Stuhlberg nodded. “A world of information at our fingertips, that microfilm. What will they think of next?”
“I’m waiting for the portable phone,” I joked. “Like Dick Tracy. Can you imagine?”
I was starting to wonder why they even agreed to meet me. Sure, I was a grizzled news guy and they might’ve pegged me as someone to rework a fledgling TV show or B-picture with some slam-bang telescripts, but where was this all going?
Stuhlberg’s face suddenly got serious and the conversation suddenly got interesting. “How do you feel about Jericho McNeal?
“The boxer Jericho McNeal?
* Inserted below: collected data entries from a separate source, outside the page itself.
(* Let $n\ge2$, let $M$ be a nonderogatory $d\times d$ matrix with minimal polynomial $\mathbf p$, and let $\mathcal B$ be a generic maximal subalgebra of $\mathcal T_{n,d}[\mathcal P(M)]$. For $B\in\mathcal B$ write $B_j=\mathbf b_j(M)$ with $\mathbf b_j\in\mathbb C[X]$. Then: (i) for each $j\in\{\pm1,\dots,\pm(n-1)\}$ there exists $B\in\mathcal B$ with $B_j\neq0$; (ii) letting $\mathbf s_j$ be the (monic) greatest common divisor of $\mathbf p$ and all the $\mathbf b_j$, $B\in\mathcal B$, we have $\mathbf s_1=\dots=\mathbf s_{n-1}=:\mathbf s_+$ and $\mathbf s_{-1}=\dots=\mathbf s_{-(n-1)}=:\mathbf s_-$; consequently every $B\in\mathcal B$ can be written as $B_j=\mathbf s_+(M)\tilde{\mathbf b}_j(M)$ for $j\ge1$ and $B_j=\mathbf s_-(M)\tilde{\mathbf b}_j(M)$ for $j\le-1$, with $\tilde{\mathbf b}_j\in\mathbb C[X]$; (iii) there exists $A\in\mathcal B$ for which the polynomials $\tilde{\mathbf a}_j$ in (ii) can be chosen relatively prime to $\mathbf p$ for every $j=\pm1,\dots,\pm(n-1)$; (iv) $\mathbf s_+\mathbf s_-$ divides $\mathbf p$.
   Context: A nonderogatory matrix is one whose minimal polynomial equals its characteristic polynomial; $\mathcal P(M)$ is the algebra of polynomials in $M$. $\mathcal T_{n,d}[\mathcal P(M)]$ is the set of $n\times n$ block Toeplitz matrices $(B_{i-j})_{i,j=0}^{n-1}$ with all $B_m\in\mathcal P(M)$. A maximal subalgebra of $\mathcal T_{n,d}[\mathcal P(M)]$ is a subalgebra (linear subspace closed under multiplication) contained in it and maximal under inclusion among such. Let $\mathfrak B_u$ be the set of $B\in\mathcal T_{n,d}[\mathcal P(M)]$ with $B_i=0$ for all $i\ge1$ (upper triangular) and $\mathfrak B_l$ the set with $B_i=0$ for all $i\le-1$ (lower triangular). An algebra is called generic if it is contained neither in $\mathfrak B_u$ nor in $\mathfrak B_l$. *)

From HB Require Import structures.
From mathcomp Require Import all_boot all_order all_algebra.
Set Implicit Arguments. Unset Strict Implicit. Unset Printing Implicit Defensive.
Import Order.TTheory GRing.Theory Num.Theory.
Local Open Scope ring_scope.

Section BlockToeplitz.
Variables (C : fieldType) (d' n : nat).
Local Notation d := d'.+1.
Local Notation BM := 'M['M[C]_d]_n.

Definition nonderogatory (M : 'M[C]_d) : Prop := mxminpoly M = char_poly M.

Definition inPM (M : 'M[C]_d) (X : 'M[C]_d) : Prop :=
  exists q : {poly C}, X = horner_mx M q.

Definition toeplitzPM (M : 'M[C]_d) (B : BM) : Prop :=
  exists b : int -> 'M[C]_d, (forall m, inPM M (b m)) /\
    forall i j : 'I_n, B i j = b ((nat_of_ord i)%:Z - (nat_of_ord j)%:Z).

(* the block B_m, i.e. the (i,j) block of B for some i,j with i - j = m
   (0 if there is no such pair) *)
Definition tblock (B : BM) (m : int) : 'M[C]_d :=
  if [pick ij : 'I_n * 'I_n | (nat_of_ord ij.1)%:Z - (nat_of_ord ij.2)%:Z == m]
  is Some ij then B ij.1 ij.2 else 0.

Definition bscale (c : C) (B : BM) : BM := map_mx (fun X => c *: X) B.

Definition subalgebra (S : BM -> Prop) : Prop :=
  [/\ S 0,
      (forall A B, S A -> S B -> S (A + B)),
      (forall c A, S A -> S (bscale c A)) &
      (forall A B, S A -> S B -> S (A *m B))].

Definition maximal_subalgebra (M : 'M[C]_d) (S : BM -> Prop) : Prop :=
  [/\ subalgebra S,
      (forall B, S B -> toeplitzPM M B) &
      (forall S' : BM -> Prop, subalgebra S' -> (forall B, S' B -> toeplitzPM M B) ->
         (forall B, S B -> S' B) -> forall B, S' B -> S B)].

Definition upperB (B : BM) : Prop := forall i : int, 1 <= i -> tblock B i = 0.
Definition lowerB (B : BM) : Prop := forall i : int, i <= -1 -> tblock B i = 0.

Definition generic (S : BM -> Prop) : Prop :=
  ~ (forall B, S B -> upperB B) /\ ~ (forall B, S B -> lowerB B).

Definition is_sgcd (M : 'M[C]_d) (S : BM -> Prop) (j : int) (s : {poly C}) : Prop :=
  [/\ s \is monic, s %| mxminpoly M,
      (forall B b, S B -> horner_mx M b = tblock B j -> s %| b) &
      (forall t : {poly C}, t %| mxminpoly M ->
         (forall B b, S B -> horner_mx M b = tblock B j -> t %| b) -> t %| s)].

End BlockToeplitz.

(* The blocks of every matrix of [S] are polynomials in [M], so they commute, and
   for block Toeplitz [A], [B] the product [A B] is block Toeplitz exactly when
   [A_k B_(l-n) = A_(k-n) B_l] for [0 < k, l < n].  Let [s_+] and [s_-] be the monic
   generators of the ideals spanned by the polynomials of the positive-index and
   of the negative-index blocks of [S] (both contain the minimal polynomial [p]),
   and [s] the monic gcd of [s_-] and [p / s_+].  Writing [s_+] as a combination of
   positive blocks, the identity gives [a] with [s_+(M) B_(l-n) = (s a)(M) B_l] for
   all [B] in [S]; writing [s_-] as a combination of negative blocks and feeding
   them into this relation shows that [a] is coprime to [p / (s_+ s)], so we may
   replace [a] by some [a + c p / (s_+ s)], coprime to [p], without breaking the
   relation.  The block Toeplitz matrices over [P(M)] whose positive blocks are
   multiples of [s_+(M)] and which satisfy the relation form a subalgebra
   containing [S], hence equal to [S] by maximality.  So [S] contains the matrix
   with [s_+(M)] below and [(s a)(M)] above the diagonal, which realises both gcds
   (thus [s = s_-]) and, [S] being generic, has no zero block off the diagonal. *)

From HB Require Import structures.
From mathcomp Require Import all_boot all_order all_algebra.
From mathcomp Require Import zify ring.
From Stdlib Require Import Classical.
Import Order.TTheory GRing.Theory Num.Theory.
Local Open Scope ring_scope.
Set Implicit Arguments. Unset Strict Implicit. Unset Printing Implicit Defensive.

Section PolyIdeal.
Variable F : fieldType.

Definition poly_ideal (I : {poly F} -> Prop) :=
  [/\ I 0, (forall x y, I x -> I y -> I (x + y)) & (forall q x, I x -> I (q * x))].

Definition ideal_span (G : {poly F} -> Prop) (c : {poly F}) :=
  exists2 s : seq ({poly F} * {poly F}),
    (forall x, x \in s -> G x.2) & c = \sum_(x <- s) x.1 * x.2.

Lemma ideal_span_ideal G : poly_ideal (ideal_span G).
Proof.
split; first by exists [::]; rewrite ?big_nil.
  move=> _ _ [s Gs ->] [t Gt ->]; rewrite -big_cat; exists (s ++ t) => // z.
  by rewrite mem_cat => /orP[zs | zt]; [apply: Gs | apply: Gt].
move=> q _ [s Gs ->]; rewrite mulr_sumr.
exists [seq (q * z.1, z.2) | z <- s]; first by move=> _ /mapP[z zs ->]; apply: (Gs z zs).
by rewrite big_map; apply: eq_bigr => z _; rewrite mulrA.
Qed.

Lemma ideal_span_sub G c : G c -> ideal_span G c.
Proof.
move=> Gc; exists [:: (1, c)]; last by rewrite big_seq1 mul1r.
by move=> x; rewrite inE => /eqP ->.
Qed.

Lemma ideal_span_min G I : poly_ideal I -> (forall c, G c -> I c) ->
  forall c, ideal_span G c -> I c.
Proof.
move=> [I0 ID IM] GI _ [s Gs ->]; elim: s Gs => [|[q c] s IHs] Gs.
  by rewrite big_nil.
rewrite big_cons; apply: ID; first by apply/IM/GI/(Gs (q, c)); rewrite inE eqxx.
by apply: IHs => x xs; apply: Gs; rewrite inE xs orbT.
Qed.

(* A nonzero element of minimal size generates the ideal. *)
Lemma poly_ideal_monic_generator I p : poly_ideal I -> I p -> p != 0 ->
  exists s, [/\ s \is monic, I s & forall x, I x -> s %| x].
Proof.
move=> [_ ID IM]; have [N le_p_N] : exists N, (size p <= N)%N by exists (size p).
elim: N p le_p_N => [|N IHN] c le_c_N Ic c0.
  by move: le_c_N; rewrite leqn0 size_poly_eq0 (negbTE c0).
have lc0 : (lead_coef c)^-1 != 0 by rewrite invr_eq0 lead_coef_eq0.
have [[x Ix c_ndvd] | c_dvd] := classic (exists2 x, I x & ~~ (c %| x)).
  apply: (IHN (x %% c)).
  - by rewrite -ltnS (leq_trans _ le_c_N) // ltn_modp.
  - have -> : x %% c = x + (- (x %/ c)) * c by rewrite {2}(divp_eq x c); ring.
    by apply: ID => //; apply: IM.
  - by apply: contra c_ndvd => /eqP/modp_eq0P.
exists ((lead_coef c)^-1 *: c); split.
- by rewrite monicE lead_coefZ mulVf ?lead_coef_eq0.
- by rewrite -mul_polyC; apply: IM.
- move=> x Ix; rewrite dvdpZl //; apply: contraT => c_ndvd.
  by case: c_dvd; exists x.
Qed.

Lemma ideal_span_monic_generator G p : G p -> p != 0 ->
  exists s, [/\ s \is monic, ideal_span G s & forall c, G c -> s %| c].
Proof.
move=> Gp p0; have [s [s_monic span_s s_dvd]] :=
  poly_ideal_monic_generator (ideal_span_ideal G) (ideal_span_sub Gp) p0.
by exists s; split=> // c /ideal_span_sub; apply: s_dvd.
Qed.

End PolyIdeal.

Lemma monic_gcdp_coprime_div (F : fieldType) (u v : {poly F}) : u != 0 ->
  exists g, [/\ g \is monic, g %| u, g %| v & coprimep (u %/ g) (v %/ g)].
Proof.
move=> u0; have gcd0 : gcdp u v != 0 by rewrite gcdp_eq0 negb_and u0.
have lc0 : lead_coef (gcdp u v) != 0 by rewrite lead_coef_eq0.
exists ((lead_coef (gcdp u v))^-1 *: gcdp u v); split.
- by rewrite monicE lead_coefZ mulVf ?lead_coef_eq0.
- by rewrite dvdpZl ?dvdp_gcdl ?invr_eq0.
- by rewrite dvdpZl ?dvdp_gcdr ?invr_eq0.
- rewrite !divpZr ?invr_eq0 // coprimepZl ?coprimepZr ?invr_eq0 //.
  by apply: coprimep_div_gcd; rewrite u0.
Qed.

Lemma coprimep_of_dvdp_subr (F : fieldType) (e g a b : {poly F}) :
  coprimep e g -> g %| e - a * b -> coprimep a g.
Proof.
move=> cop_eg /dvdpP[q Eq]; move: cop_eg.
have -> : e = q * g + a * b by rewrite -Eq; ring.
by rewrite coprimep_sym coprimep_addl_mul coprimep_sym coprimepMl => /andP[].
Qed.
Lemma lift3_is_linear (V : lmodType C) (B : M -> M -> M -> V) : linear (lift3 B).
Proof.
move=> a s t; rewrite scaler_sumr -big_split; apply: eq_bigr => i _.
rewrite scaler_sumr -big_split; apply: eq_bigr => j _.
rewrite scaler_sumr -big_split; apply: eq_bigr => k _.
by rewrite !ffunE scalerDl scalerA.
Qed.
HB.instance Definition _ (V : lmodType C) (B : M -> M -> M -> V) :=
  GRing.isLinear.Build C T3 V *:%R (lift3 B) (lift3_is_linear B).

Lemma lift2_t2 (V : lmodType C) (B : M -> M -> V) :
  bilinear_for *:%R *:%R B -> forall x y, lift2 B (t2 x y) = B x y.
Proof.
move=> [BL BR] x y; rewrite (linear_coord_sum (BL y)) /lift2; apply: eq_bigr => i _.
rewrite (linear_coord_sum (BR _)) scaler_sumr; apply: eq_bigr => j _.
by rewrite mxE scalerA.
Qed.

Lemma lift3_t3 (V : lmodType C) (B : M -> M -> M -> V) :
  (forall y z, linear (fun x => B x y z)) -> (forall x z, linear (fun y => B x y z)) ->
  (forall x y, linear (B x y)) -> forall x y z, lift3 B (t3 x y z) = B x y z.
Proof.
move=> L1 L2 L3 x y z; rewrite (linear_coord_sum (L1 y z)) /lift3; apply: eq_bigr => i _.
rewrite (linear_coord_sum (L2 _ z)) scaler_sumr; apply: eq_bigr => j _.
rewrite (linear_coord_sum (L3 _ _)) !scaler_sumr; apply: eq_bigr => k _.
by rewrite ffunE !scalerA.
Qed.
(* Let $r\ge 1$, $m=2^r$, and let $n$ be a positive integer with $m\mid n$. Let $b$ be an odd positive integer having property $\mathcal{P}$ with respect to $n$. Then $x^n+b^m$ is irreducible over $\mathbb{Z}$.
   Context: For a positive integer $N$, a positive integer $b$ has property $\mathcal{P}$ with respect to $N$ if either $b$ is a prime number, or $b=(p_1^{b_1}p_2^{b_2}\cdots p_k^{b_k})^d$ where $k\ge 2$, $p_1,\dots,p_k$ are distinct primes, $b_1,\dots,b_k\ge 1$, $\gcd(b_1,\ldots,b_k)=1$, and $d$ is a positive integer with $\gcd(d,N)=1$. A monic polynomial in $\mathbb{Z}[x]$ of degree $\ge 1$ is irreducible over $\mathbb{Z}$ if it is not a product of two polynomials in $\mathbb{Z}[x]$ of degree at least $1$. *)

From mathcomp Require Import all_boot all_order all_algebra.
Set Implicit Arguments. Unset Strict Implicit. Unset Printing Implicit Defensive.
Import GRing.Theory Num.Theory.

Definition propP (N b : nat) : Prop :=
  prime b \/
  exists (ps es : seq nat) (d : nat),
    [/\ size ps = size es, (2 <= size ps)%N, uniq ps & all prime ps] /\
    [/\ all (fun e => 0 < e) es,
        (\big[gcdn/0]_(e <- es) e = 1)%N,
        0 < d & coprime d N] /\
    b = (\prod_(i < size ps) (nth 0 ps i) ^ (nth 0 es i)) ^ d.

Local Open Scope ring_scope.

Definition irreducible_over_Z (p : {poly int}) : Prop :=
  p \is monic /\ (1 < size p)%N /\
  forall q r : {poly int}, p = q * r -> (size q <= 1)%N \/ (size r <= 1)%N.

From mathcomp Require Import all_boot all_order all_algebra all_field ring zify.
Set Implicit Arguments. Unset Strict Implicit. Unset Printing Implicit Defensive.
Import GRing.Theory Num.Theory.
Rattlesnake McNeal?” I asked.
The mogul nodded.
“Well, for starters, I’d say he screwed the pooch the other night.”
“How so?” Stuhlberg asked.
I gave both men a blunt look and walked freely about the room. “A famous Negro — a boxer no less — who has a reputation for flaunting cash, kills a white guy in the City of Angels. I’m half-shocked The Hat Squad didn’t hang him by a streetpole.”
“We made sure that didn’t happen,” Stuhlberg assured.
And there it was. I knew someone had been running a cover up.
I scanned Stuhlberg’s wall of photos. A younger version of himself posed with everyone from Charlie Chaplin to Bogie. My thoughts quickly went back to the heavyweight champ. “So you guys bought off the cops? Must’ve been a pretty penny.”